Problem to work on:
The answer must consist of every line below that holds the word "pose".
[Data under study]
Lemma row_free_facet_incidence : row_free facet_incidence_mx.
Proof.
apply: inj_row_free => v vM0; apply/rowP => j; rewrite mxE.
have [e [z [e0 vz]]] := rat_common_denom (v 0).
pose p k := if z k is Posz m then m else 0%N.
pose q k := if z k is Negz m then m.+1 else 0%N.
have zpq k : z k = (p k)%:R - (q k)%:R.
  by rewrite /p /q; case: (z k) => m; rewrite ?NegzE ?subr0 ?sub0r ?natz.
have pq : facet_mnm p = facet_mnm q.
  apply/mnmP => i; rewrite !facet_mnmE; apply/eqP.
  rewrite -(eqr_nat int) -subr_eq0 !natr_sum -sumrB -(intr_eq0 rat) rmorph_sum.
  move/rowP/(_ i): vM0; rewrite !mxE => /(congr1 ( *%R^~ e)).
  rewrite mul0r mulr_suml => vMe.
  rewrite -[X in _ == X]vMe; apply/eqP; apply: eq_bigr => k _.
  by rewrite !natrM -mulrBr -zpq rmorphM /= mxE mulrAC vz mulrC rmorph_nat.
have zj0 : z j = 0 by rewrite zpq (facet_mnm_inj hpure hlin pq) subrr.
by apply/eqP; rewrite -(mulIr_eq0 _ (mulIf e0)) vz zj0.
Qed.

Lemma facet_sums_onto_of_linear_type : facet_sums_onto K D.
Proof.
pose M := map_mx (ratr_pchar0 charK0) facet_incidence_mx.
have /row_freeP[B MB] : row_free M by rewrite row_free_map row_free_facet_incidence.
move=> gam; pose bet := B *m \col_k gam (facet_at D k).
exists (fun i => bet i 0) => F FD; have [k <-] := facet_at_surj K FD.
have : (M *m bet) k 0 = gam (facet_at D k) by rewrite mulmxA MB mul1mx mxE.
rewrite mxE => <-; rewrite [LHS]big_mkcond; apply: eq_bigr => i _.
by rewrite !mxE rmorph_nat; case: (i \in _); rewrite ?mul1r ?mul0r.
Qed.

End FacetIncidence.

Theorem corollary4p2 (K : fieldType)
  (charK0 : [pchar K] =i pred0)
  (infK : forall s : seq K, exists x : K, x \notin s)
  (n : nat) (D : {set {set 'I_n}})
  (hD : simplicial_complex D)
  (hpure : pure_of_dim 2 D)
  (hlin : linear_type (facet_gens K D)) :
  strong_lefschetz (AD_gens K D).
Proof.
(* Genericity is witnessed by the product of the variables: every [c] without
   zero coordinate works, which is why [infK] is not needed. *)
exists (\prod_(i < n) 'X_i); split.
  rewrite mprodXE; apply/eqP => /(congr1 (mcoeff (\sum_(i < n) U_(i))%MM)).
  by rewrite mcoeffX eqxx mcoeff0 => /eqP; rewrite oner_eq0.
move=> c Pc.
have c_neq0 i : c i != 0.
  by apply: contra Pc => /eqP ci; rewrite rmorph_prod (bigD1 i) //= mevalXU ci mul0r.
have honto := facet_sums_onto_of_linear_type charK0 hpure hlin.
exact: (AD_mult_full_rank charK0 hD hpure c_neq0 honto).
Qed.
[/Data under study]
Response box:
pose p k := if z k is Posz m then m else 0%N.
pose q k := if z k is Negz m then m.+1 else 0%N.
pose M := map_mx (ratr_pchar0 charK0) facet_incidence_mx.
move=> gam; pose bet := B *m \col_k gam (facet_at D k).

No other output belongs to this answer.